— Она любит меня.
— Допустим. Но это опять эмоции. Будем исходить из реального положения вещей. Итак, рядом с тобой сидит замужняя женщина.
— Да!
— И характер у нее — далеко не мед!
— Да, но…
— Возражения потом. Сейчас — факты. Об этой женщине ты знаешь ровно столько, сколько она сочла нужным тебе сообщить.
— Пожалуй.
— И у тебя к ней миллион вопросов.
— Ну… да, в общем…
— И с ответами на них она не торопится.
— Я еще ни о чем не спрашивал. У нас не было времени.
— Вздор. Времени было достаточно. И вовсе не обязательно спрашивать. Она это отлично понимает.
— Ты думаешь?
— А что тут думать? Не считает нужным, вот и молчит.
— Допустим. Что из этого следует?
— Для выводов маловато информации. Я бы на твоем месте не торопился принимать решение.
— Вот как?
— Не валяй дурака. Зачем она в самолете?
— Решила лететь со мной.
— Ты уверен?
— Н-нет, пожалуй.
— А если это простое совпадение? Летит по каким-то своим делам? И ты тут ни при чем? На Ташкент, кстати, всего два рейса, так что вероятность совпадения достаточно велика. Что ты скажешь?
— Не знаю!
— Так. Пойдем дальше. Кем ей приходится этот псевдохудожник?
— Почему «псевдо»?
— Потому что он такой же художник, как ты летающая тарелка. Что в нем от художника?
— Манера держаться?
— В том-то и дело. Леопольд-свет-Владиславович играет под художника. И — заметь — не очень старательно.
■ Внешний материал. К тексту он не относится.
(* Compare with [F 0 0 0], which is bounded because [Om] is compact. *)
Lemma F_hyp_bounded
  (F : (OmT Om -> R) -> (OmT Om -> R) -> (OmT Om -> OmT Om -> R) -> (OmT Om -> R)) :
  compact_set n Om -> F_hyp F ->
  forall K, exists C, forall u v w, contO u -> contO v -> contO2 w ->
    supn_le u K -> supn_le v K -> supn2_le w K -> supn_le (F u v w) C.
Proof.
  intros HOm [HFc HFL] K. destruct (HFL K) as [L HL].
  destruct (contO_bounded HOm (F (fun _ => 0) (fun _ => 0) (fun _ _ => 0))) as [G0 HG0].
  { apply HFc; [apply contO_const|apply contO_const|apply contO2_const]. }
  exists (G0 + Rabs L * (3 * K)). intros u v w Hu Hv Hw HuK HvK HwK x.
  assert (HK : 0 <= K) by (pose proof (HuK x); pose proof (Rabs_pos (u x)); lra).
  assert (H0K : supn_le (fun _ : OmT Om => 0) K) by (intros z; rewrite Rabs_R0; lra).
  assert (H02K : supn2_le (fun _ _ : OmT Om => 0) K) by (intros y z; rewrite Rabs_R0; lra).
  assert (HF : Rabs (F u v w x - F (fun _ => 0) (fun _ => 0) (fun _ _ => 0) x)
               <= L * (K + K + K)).
  { apply (HL u v w _ _ _ Hu Hv Hw (contO_const 0) (contO_const 0) (contO2_const 0)
             HuK HvK HwK H0K H0K H02K).
    - intros z. rewrite Rminus_0_r. apply HuK.
    - intros z. rewrite Rminus_0_r. apply HvK.
    - intros y z. rewrite Rminus_0_r. apply HwK. }
  assert (L * (K + K + K) <= Rabs L * (3 * K))
    by (replace (K + K + K) with (3 * K) by ring; apply Rmult_le_compat_r; [lra|apply Rle_abs]).
  pose proof (HG0 x).
  pose proof (Rabs_triang_inv (F u v w x) (F (fun _ => 0) (fun _ => 0) (fun _ _ => 0) x)).
  lra.
Qed.

Lemma f_hyp_cont_path (f : (OmT Om -> R) -> (OmT Om -> R)) (Mf : R)
  (P : R -> OmT Om -> R) (D : R -> Prop) : f_hyp f Mf ->
  (forall s, D s -> contO (P s)) -> cont_path P D -> cont_path (fun s => f (P s)) D.
Proof.
  intros [_ [[Lf HLf] _]] HPc HP t Ht eps Heps.
  set (eps' := eps / (Rabs Lf + 1)).
  assert (HLf1 : 0 < Rabs Lf + 1) by (pose proof (Rabs_pos Lf); lra).
  assert (Heps' : 0 < eps') by (apply Rdiv_lt_0_compat; lra).
  assert (E : (Rabs Lf + 1) * eps' = eps) by (unfold eps'; field; lra).
  destruct (HP t Ht eps' Heps') as [del [Hdel Hd]].
  exists del. split; [exact Hdel|]. intros s Hs Hst x.
  pose proof (HLf (P s) (P t) (HPc s Hs) (HPc t Ht) eps' (Hd s Hs Hst) x) as H.
  simpl in H. pose proof (Rle_abs Lf).
  assert (Lf * eps' <= Rabs Lf * eps') by (apply Rmult_le_compat_r; lra).
  lra.
Qed.

Lemma delayed_contO2 (A : R -> OmT Om -> R) (d : OmT Om -> R) (l r : R) :
  (forall t, t <= r -> contO (A t)) -> cont_path A (fun t => t <= r) ->
  contO d -> (forall y, 0 <= d y) -> l <= r ->
  contO2 (fun y z => A (l - d y) z).
Proof.
  intros HAc HAp Hd Hdnn Hl y1 z1 eps Heps.
  assert (Hs1 : l - d y1 <= r) by (pose proof (Hdnn y1); lra).
  destruct (HAp _ Hs1 (eps / 2) ltac:(lra)) as [d1 [Hd1 H1]].
  destruct (Hd y1 d1 Hd1) as [d2 [Hd2 H2]].
  destruct (HAc _ Hs1 z1 (eps / 2) ltac:(lra)) as [d3 [Hd3 H3]].
  exists (Rmin d2 d3). split; [apply Rmin_glb_lt; auto|].
  intros y2 z2 Hy Hz.
  assert (Hy' : pdist_lt y1 y2 d2).
  { intros i. eapply Rlt_le_trans; [apply Hy|apply Rmin_l]. }
  assert (Hz' : pdist_lt z1 z2 d3).
  { intros i. eapply Rlt_le_trans; [apply Hz|apply Rmin_r]. }
  assert (Hs2 : l - d y2 <= r) by (pose proof (Hdnn y2); lra).
  assert (Hd12 : Rabs ((l - d y2) - (l - d y1)) < d1).
  { replace ((l - d y2) - (l - d y1)) with (d y1 - d y2) by ring. auto. }
  specialize (H1 _ Hs2 Hd12 z2). specialize (H3 z2 Hz').
  pose proof (Rabs_triang (A (l - d y1) z1 - A (l - d y1) z2)
                          (A (l - d y1) z2 - A (l - d y2) z2)) as Htri.
  replace (A (l - d y1) z1 - A (l - d y1) z2 + (A (l - d y1) z2 - A (l - d y2) z2))
    with (A (l - d y1) z1 - A (l - d y2) z2) in Htri by ring.
  rewrite (Rabs_minus_sym (A (l - d y1) z2)) in Htri. lra.
Qed.

Lemma init_ok_bounds {alpha M0 : R} {phi : R -> OmT Om -> R} {tau0 : OmT Om -> R} :
  init_ok alpha M0 phi tau0 ->
  (forall s, s <= 0 -> forall x, Rabs (exp (- alpha * Rabs s) * phi s x) <= M0) /\
  (forall s1 s2, s1 <= 0 -> s2 <= 0 -> forall x,
     Rabs (exp (- alpha * Rabs s1) * phi s1 x - exp (- alpha * Rabs s2) * phi s2 x)
       <= M0 * Rabs (s1 - s2)) /\
  (forall x, 0 <= tau0 x <= M0).
Proof.
  intros [_ [_ [Htau0 [K [c [[a [b [Hab [Ha Hb]]]] [Hc HKc]]]]]]].
  (* [a], [b], [c] are nonnegative only because [Om] has a point [x] to evaluate at *)
  assert (Hnn : forall x : OmT Om, 0 <= a /\ 0 <= b /\ 0 <= c).
  { intros x. pose proof (Rabs_pos (exp (- alpha * Rabs 0) * phi 0 x)).
    pose proof (Ha 0 (Rle_refl 0) x).
    pose proof (Hb 0 (-1) (Rle_refl 0) ltac:(lra) x) as Hb1.
    replace (Rabs (0 - -1)) with 1 in Hb1 by (rewrite Rabs_pos_eq; lra).
    pose proof (Rabs_pos (exp (- alpha * Rabs 0) * phi 0 x
                          - exp (- alpha * Rabs (-1)) * phi (-1) x)).
    pose proof (Hc x). pose proof (Rabs_pos (tau0 x)). lra. }
  split; [|split].
  - intros s Hs x. destruct (Hnn x). pose proof (Ha s Hs x). lra.
  - intros s1 s2 H1 H2 x. destruct (Hnn x). eapply Rle_trans; [apply Hb; auto|].
    apply Rmult_le_compat_r; [apply Rabs_pos|lra].
  - intros x. destruct (Hnn x). pose proof (Htau0 x). pose proof (Hc x).
    pose proof (Rle_abs (tau0 x)). lra.
Qed.

Lemma hist_in_Lip (alpha a b K t r : R) (A : R -> OmT Om -> R) :
  (forall s, s <= r -> contO (A s)) -> cont_path A (fun s => s <= r) -> t <= r ->
  (forall th, th <= 0 -> forall x, Rabs (exp (- alpha * Rabs th) * hist A t th x) <= a) ->
  (forall th1 th2, th1 <= 0 -> th2 <= 0 -> forall x,
     Rabs (exp (- alpha * Rabs th1) * hist A t th1 x - exp (- alpha * Rabs th2) * hist A t th2 x)
       <= b * Rabs (th1 - th2)) ->
  a + b <= K ->
  in_Lip alpha (hist A t) /\ lip_norm_le alpha (hist A t) K.
Proof.
  intros HAc HAp Ht Hsup Hlip HK. split.
  - split; [|split; [|split]].
    + intros th Hth. apply HAc. lra.
    + intros th Hth eps He. destruct (HAp (t + th) ltac:(lra) eps He) as [del [Hdel Hd]].
      exists del; split; [exact Hdel|]. intros s Hs Hsd x. apply Hd; [lra|].
      replace (t + s - (t + th)) with (s - th) by ring. exact Hsd.
    + exists a. exact Hsup.
    + exists b. exact Hlip.
  - exists a, b. auto.
Qed.

Lemma solution_bounded
  {F : (OmT Om -> R) -> (OmT Om -> R) -> (OmT Om -> OmT Om -> R) -> (OmT Om -> R)}
  {f : (OmT Om -> R) -> (OmT Om -> R)} {alpha M0 M r : R}
  {phi : R -> OmT Om -> R} {tau0 : OmT Om -> R} {A tau : R -> OmT Om -> R} :
  local_existence_time F f alpha M0 M r -> init_ok alpha M0 phi tau0 ->
  is_solution F f r phi tau0 A tau -> forall s, 0 <= s <= r -> supn_le (A s) M.
Proof.
  intros [_ Hr] Hinit Hsol s Hs x.
  destruct (Hr phi tau0 Hinit) as [[A' [tau' [Hsol' HA'M]]] Huniq].
  destruct (Huniq A tau A' tau' Hsol Hsol') as [E _].
  rewrite E by lra. apply HA'M, Hs.
Qed.

End Omega.

Section Solution.
Context {n : nat} {Om : Pt n -> Prop}
  {F : (OmT Om -> R) -> (OmT Om -> R) -> (OmT Om -> OmT Om -> R) -> (OmT Om -> R)}
  {f : (OmT Om -> R) -> (OmT Om -> R)} {r : R}
  {phi : R -> OmT Om -> R} {tau0 : OmT Om -> R} {A tau : R -> OmT Om -> R}.
Hypothesis Hsol : is_solution F f r phi tau0 A tau.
Так кто же он? Что у них общего? Супруги? Тогда для чего эта мистификация в Москве? И потом, — звонил ведь из Ашхабада в «Алтай» не он?
— Нет.
— Развелась с мужем и вышла за Леопольда? Маловероятно.
— Невозможно.
— Не так категорично. Чужая душа потемки, а тем более — женская. Просто времени прошло маловато. Такие, как она, с маху замуж не выходят.
— Ты думаешь?
— Уверен. И все-таки, что же их связывает? Почему оба оказались на одном телефоне?
— Параллельные аппараты?
— Исключено. Служебные еще куда ни шло. А на квартирные давно устанавливаются блокираторы.
— Тогда что?
— Вот это тебе и предстоит узнать.
— Прямо сейчас?
— Ты повторяешь ее слова.
— Пошел ты!
— Не горячись. Ты знаешь, что я имею в виду. Не строй воздушные замки. Узнай ее поближе, постарайся понять, а уже потом давай волю чувствам и действиям. И учти два обстоятельства.
— Какие?
— То, что случилось в «Березках», ни к чему тебя не обязывает.
— Да?
— Да. И ее — тоже. Но она понимает это, а ты — нет.
— Ну, знаешь ли!..
— Да перестань ты. Она сама дала тебе это понять. И достаточно недвусмысленно.
— Чем же это?
— Тем, как держалась с тобой. Здесь, в Ашхабаде. Согласен?
— Пожалуй, да.
— Там, в «Березках», была ослепительная вспышка. Разряд. И у вас обоих полетели предохранители.
— Выбирай выражения!
— Не придирайся. На какое-то время вы ушли в другое измерение. Создали замкнутый мирок, который устраивал вас обоих, пробыли в нем ровно столько, сколько было можно, а потом один за другим возвратились в реально существующий мир.
— Не надо!
— Что «не надо»? Разбираться, так до конца. Ты ведь сам хочешь знать правду? Ну так имей мужество смотреть ей в глаза. Продолжать?
— Да.
— Беда не в том, что между вами произошло. В конце концов люди остаются людьми со всеми их слабостями, непоследовательностью, алогизмом поступков. Людям присуще заблуждаться. Если угодно, вся история человечества — это история заблуждений, ошибок и мучительно трудного возврата на верную дорогу.
— Эк тебя заносит!
— Беда в том, что ты сам не хочешь расстаться о этим призрачным мирком, тащишь его за собой, как рак-отшельник раковину, хотя давно вырос из нее, она тебе тесна, трещит по всем швам.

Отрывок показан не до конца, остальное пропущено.